____ Listed entries
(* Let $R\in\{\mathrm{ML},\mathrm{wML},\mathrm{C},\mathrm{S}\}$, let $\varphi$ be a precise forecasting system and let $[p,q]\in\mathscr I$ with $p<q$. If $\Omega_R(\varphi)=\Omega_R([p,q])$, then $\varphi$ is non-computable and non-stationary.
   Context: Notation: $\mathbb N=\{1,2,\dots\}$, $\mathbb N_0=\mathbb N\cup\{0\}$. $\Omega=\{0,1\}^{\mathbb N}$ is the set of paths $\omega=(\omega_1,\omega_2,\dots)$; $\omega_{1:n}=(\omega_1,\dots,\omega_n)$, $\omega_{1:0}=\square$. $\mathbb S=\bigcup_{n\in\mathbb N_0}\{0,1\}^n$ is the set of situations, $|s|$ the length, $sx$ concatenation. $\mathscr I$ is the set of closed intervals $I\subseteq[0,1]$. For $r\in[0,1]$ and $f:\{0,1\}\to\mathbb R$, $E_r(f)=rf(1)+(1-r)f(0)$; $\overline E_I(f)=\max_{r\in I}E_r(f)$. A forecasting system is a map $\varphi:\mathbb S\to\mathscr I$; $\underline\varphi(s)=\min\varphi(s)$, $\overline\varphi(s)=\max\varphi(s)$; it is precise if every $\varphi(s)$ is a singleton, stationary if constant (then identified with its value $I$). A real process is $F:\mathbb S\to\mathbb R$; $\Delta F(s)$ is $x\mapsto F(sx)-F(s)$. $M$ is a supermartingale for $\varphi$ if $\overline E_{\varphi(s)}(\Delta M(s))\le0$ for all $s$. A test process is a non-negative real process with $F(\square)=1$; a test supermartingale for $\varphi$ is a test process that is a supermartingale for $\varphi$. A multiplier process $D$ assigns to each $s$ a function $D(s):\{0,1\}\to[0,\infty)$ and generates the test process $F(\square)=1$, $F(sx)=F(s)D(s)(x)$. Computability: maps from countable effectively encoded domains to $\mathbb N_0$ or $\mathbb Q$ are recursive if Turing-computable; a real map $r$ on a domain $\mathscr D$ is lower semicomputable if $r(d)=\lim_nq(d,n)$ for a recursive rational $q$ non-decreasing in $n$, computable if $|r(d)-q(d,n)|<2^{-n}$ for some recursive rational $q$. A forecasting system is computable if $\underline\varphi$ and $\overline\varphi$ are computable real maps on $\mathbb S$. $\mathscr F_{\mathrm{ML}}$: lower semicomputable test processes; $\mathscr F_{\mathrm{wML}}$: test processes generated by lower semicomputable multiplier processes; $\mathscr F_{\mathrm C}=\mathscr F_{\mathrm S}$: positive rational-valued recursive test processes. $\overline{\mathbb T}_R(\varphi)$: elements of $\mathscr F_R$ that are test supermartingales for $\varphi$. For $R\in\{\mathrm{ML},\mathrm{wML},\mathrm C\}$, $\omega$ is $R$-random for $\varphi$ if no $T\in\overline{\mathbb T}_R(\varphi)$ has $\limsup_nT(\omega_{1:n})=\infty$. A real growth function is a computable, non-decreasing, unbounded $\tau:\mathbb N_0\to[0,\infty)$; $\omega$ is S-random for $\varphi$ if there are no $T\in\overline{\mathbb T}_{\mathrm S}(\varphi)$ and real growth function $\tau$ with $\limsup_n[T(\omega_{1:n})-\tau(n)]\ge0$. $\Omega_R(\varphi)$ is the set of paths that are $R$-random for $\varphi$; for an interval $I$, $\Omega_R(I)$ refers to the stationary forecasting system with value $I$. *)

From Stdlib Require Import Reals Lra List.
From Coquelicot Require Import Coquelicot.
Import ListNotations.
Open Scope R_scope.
________
____ Listed entries
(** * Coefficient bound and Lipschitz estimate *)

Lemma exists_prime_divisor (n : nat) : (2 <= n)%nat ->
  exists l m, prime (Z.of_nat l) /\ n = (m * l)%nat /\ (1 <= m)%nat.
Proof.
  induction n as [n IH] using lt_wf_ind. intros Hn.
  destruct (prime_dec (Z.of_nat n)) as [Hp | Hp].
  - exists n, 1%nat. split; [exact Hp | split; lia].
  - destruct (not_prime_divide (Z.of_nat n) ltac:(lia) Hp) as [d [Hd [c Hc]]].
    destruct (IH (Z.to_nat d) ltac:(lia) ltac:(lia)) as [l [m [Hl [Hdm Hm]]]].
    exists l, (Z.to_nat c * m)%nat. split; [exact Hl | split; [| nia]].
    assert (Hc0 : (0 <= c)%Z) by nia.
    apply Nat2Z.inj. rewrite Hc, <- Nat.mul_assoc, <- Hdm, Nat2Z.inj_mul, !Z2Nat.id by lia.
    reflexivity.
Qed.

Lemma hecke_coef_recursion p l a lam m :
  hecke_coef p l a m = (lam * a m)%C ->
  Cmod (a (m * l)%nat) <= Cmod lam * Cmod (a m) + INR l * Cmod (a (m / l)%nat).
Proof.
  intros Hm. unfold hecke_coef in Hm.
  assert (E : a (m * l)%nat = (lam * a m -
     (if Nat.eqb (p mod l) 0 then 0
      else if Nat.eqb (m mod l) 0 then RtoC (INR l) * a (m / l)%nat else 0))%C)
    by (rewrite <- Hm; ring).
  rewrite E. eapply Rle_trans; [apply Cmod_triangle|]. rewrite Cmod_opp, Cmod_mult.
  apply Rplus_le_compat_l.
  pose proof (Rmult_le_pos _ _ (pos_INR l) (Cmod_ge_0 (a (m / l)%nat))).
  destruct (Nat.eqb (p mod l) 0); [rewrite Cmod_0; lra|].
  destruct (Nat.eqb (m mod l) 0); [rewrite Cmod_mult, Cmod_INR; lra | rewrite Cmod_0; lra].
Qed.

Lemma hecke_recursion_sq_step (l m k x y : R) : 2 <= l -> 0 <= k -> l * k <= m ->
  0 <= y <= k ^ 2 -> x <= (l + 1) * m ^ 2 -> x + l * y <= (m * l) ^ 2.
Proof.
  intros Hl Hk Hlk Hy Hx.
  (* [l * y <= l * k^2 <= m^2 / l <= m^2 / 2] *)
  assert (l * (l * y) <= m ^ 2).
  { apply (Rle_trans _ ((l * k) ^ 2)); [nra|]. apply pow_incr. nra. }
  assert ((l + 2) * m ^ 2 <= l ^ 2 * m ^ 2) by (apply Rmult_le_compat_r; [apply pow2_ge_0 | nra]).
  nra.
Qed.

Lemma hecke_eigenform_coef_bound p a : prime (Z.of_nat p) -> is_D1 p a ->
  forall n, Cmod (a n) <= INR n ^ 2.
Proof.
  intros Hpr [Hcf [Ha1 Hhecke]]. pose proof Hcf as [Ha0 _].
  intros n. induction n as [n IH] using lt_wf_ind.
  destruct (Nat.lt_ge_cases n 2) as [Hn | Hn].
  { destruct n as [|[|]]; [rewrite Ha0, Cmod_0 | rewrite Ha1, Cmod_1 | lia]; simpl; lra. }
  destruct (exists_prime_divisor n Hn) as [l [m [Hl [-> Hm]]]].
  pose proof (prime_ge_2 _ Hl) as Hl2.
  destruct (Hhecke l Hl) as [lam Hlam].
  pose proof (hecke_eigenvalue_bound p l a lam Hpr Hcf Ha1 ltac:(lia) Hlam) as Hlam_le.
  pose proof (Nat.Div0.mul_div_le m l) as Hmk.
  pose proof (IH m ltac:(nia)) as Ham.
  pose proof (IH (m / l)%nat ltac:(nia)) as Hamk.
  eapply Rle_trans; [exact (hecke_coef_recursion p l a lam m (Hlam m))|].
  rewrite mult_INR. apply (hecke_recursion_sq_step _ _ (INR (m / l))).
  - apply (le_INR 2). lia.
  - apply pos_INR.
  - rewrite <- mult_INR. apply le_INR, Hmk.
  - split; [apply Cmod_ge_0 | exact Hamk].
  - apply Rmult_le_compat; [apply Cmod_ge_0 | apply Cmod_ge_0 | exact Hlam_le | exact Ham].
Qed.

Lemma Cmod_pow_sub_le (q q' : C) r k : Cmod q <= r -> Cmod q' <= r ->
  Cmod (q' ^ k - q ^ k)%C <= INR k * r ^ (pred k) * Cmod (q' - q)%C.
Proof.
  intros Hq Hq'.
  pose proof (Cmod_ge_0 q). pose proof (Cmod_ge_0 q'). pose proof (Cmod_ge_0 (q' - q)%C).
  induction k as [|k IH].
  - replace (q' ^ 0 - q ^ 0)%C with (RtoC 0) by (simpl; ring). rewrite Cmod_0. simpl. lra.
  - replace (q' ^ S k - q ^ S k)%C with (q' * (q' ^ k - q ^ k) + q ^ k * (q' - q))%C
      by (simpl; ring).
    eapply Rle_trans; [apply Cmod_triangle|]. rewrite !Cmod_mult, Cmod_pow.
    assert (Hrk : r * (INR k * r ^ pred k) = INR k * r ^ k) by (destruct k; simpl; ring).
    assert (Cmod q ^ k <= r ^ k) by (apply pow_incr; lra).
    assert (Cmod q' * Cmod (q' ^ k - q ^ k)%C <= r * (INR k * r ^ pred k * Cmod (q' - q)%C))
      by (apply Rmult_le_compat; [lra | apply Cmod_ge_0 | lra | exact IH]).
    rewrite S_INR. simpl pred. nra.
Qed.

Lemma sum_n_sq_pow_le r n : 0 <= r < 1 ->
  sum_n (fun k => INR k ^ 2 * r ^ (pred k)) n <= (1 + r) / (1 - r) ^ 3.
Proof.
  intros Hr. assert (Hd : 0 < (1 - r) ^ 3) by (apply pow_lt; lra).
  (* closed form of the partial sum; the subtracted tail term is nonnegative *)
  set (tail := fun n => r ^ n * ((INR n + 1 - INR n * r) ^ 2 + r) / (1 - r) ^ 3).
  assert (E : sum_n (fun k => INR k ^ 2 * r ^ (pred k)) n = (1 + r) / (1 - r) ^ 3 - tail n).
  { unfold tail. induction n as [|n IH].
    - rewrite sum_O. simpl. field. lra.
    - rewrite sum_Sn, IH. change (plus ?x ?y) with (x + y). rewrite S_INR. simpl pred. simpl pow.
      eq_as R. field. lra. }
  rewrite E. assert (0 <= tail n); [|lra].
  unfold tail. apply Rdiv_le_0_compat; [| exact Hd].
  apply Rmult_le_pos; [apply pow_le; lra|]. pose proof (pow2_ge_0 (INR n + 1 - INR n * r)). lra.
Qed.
________
____ Listed entries
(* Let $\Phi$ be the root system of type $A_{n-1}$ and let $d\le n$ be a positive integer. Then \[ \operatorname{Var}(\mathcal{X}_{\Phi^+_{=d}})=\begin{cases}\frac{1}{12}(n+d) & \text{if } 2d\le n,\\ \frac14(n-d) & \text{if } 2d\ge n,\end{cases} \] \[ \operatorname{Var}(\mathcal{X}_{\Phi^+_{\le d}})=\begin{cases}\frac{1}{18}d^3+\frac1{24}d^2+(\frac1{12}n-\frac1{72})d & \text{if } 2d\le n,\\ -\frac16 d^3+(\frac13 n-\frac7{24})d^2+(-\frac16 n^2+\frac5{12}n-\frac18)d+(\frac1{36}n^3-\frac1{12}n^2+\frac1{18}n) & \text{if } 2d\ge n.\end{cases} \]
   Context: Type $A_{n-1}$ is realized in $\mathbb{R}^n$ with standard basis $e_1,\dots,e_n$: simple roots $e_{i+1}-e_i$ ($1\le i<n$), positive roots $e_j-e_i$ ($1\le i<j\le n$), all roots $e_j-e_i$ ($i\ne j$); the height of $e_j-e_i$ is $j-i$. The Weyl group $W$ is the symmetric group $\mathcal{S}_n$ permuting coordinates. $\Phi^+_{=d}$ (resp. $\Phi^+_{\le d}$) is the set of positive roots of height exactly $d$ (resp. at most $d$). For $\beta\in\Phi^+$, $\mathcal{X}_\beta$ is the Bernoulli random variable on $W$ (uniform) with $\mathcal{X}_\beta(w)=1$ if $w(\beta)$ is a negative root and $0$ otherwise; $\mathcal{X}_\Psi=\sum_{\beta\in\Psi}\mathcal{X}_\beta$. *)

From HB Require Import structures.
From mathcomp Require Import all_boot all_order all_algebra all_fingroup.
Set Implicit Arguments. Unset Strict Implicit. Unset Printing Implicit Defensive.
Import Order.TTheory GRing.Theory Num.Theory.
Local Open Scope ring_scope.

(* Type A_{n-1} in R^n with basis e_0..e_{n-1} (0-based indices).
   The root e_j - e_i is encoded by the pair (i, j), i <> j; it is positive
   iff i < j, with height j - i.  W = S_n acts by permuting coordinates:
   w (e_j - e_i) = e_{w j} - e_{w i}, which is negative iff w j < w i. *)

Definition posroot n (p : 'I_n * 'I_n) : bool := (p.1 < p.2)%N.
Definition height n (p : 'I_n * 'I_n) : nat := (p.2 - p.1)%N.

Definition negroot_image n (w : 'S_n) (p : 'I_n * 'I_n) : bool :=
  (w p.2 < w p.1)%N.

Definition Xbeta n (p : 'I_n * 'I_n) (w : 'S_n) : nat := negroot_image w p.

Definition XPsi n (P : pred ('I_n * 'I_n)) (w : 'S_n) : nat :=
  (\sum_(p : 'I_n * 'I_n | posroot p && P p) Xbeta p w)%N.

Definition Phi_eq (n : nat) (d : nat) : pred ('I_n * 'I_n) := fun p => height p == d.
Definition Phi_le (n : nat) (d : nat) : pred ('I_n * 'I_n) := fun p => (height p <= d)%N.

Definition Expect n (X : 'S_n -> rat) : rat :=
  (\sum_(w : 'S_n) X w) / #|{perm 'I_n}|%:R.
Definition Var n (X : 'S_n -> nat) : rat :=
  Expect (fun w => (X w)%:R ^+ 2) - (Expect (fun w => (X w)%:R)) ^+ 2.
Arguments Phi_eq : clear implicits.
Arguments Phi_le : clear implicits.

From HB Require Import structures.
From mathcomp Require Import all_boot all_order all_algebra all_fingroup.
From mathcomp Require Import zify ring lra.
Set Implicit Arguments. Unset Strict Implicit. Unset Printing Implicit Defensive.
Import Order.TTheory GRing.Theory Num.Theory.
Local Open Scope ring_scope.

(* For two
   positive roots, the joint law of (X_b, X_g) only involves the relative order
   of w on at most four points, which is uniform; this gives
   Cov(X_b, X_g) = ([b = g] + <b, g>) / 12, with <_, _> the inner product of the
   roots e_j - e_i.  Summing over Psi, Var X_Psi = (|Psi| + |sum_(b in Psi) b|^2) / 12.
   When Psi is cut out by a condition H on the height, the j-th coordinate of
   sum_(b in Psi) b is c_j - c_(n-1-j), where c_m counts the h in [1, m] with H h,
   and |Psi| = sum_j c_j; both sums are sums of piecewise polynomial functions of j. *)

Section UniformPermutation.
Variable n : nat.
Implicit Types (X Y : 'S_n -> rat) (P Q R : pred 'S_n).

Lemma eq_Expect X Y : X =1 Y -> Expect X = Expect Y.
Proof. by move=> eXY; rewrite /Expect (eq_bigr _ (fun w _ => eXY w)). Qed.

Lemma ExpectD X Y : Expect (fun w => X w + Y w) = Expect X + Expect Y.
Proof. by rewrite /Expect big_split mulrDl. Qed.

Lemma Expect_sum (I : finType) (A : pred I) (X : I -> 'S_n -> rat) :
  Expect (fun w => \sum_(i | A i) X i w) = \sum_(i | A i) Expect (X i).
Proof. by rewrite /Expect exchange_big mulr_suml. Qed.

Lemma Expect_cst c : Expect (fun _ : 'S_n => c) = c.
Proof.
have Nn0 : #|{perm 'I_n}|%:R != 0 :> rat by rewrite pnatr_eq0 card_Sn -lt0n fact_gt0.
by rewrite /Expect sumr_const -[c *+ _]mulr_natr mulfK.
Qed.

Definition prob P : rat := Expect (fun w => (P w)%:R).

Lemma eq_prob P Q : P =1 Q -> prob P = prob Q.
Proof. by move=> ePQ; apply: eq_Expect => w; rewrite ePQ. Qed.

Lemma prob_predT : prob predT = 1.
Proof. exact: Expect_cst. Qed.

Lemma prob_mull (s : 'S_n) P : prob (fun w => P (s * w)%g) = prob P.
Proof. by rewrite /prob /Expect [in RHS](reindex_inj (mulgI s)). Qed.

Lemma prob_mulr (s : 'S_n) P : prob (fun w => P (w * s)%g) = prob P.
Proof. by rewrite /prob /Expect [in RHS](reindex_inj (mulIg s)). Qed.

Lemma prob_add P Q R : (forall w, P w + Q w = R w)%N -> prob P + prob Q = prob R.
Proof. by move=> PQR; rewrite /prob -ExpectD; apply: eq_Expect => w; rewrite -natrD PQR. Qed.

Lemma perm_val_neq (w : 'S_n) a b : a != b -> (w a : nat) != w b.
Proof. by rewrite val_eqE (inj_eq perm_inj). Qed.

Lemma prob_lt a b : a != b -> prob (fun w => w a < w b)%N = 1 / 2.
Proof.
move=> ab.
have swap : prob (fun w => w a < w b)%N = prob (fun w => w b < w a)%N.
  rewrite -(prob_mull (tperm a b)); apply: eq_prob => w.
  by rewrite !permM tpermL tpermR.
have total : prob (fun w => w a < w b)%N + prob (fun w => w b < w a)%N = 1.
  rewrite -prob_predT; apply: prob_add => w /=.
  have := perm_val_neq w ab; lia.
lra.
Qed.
________
Problem requirements :: When you reach the line holding "Implicit Types (X" in the records above, begin reproducing exactly, stop after the line holding "Lemma Expect_sum (I", and output nothing else.

Exercise response ::
Implicit Types (X Y : 'S_n -> rat) (P Q R : pred 'S_n).

Lemma eq_Expect X Y : X =1 Y -> Expect X = Expect Y.
Proof. by move=> eXY; rewrite /Expect (eq_bigr _ (fun w _ => eXY w)). Qed.

Lemma ExpectD X Y : Expect (fun w => X w + Y w) = Expect X + Expect Y.
Proof. by rewrite /Expect big_split mulrDl. Qed.

Lemma Expect_sum (I : finType) (A : pred I) (X : I -> 'S_n -> rat) :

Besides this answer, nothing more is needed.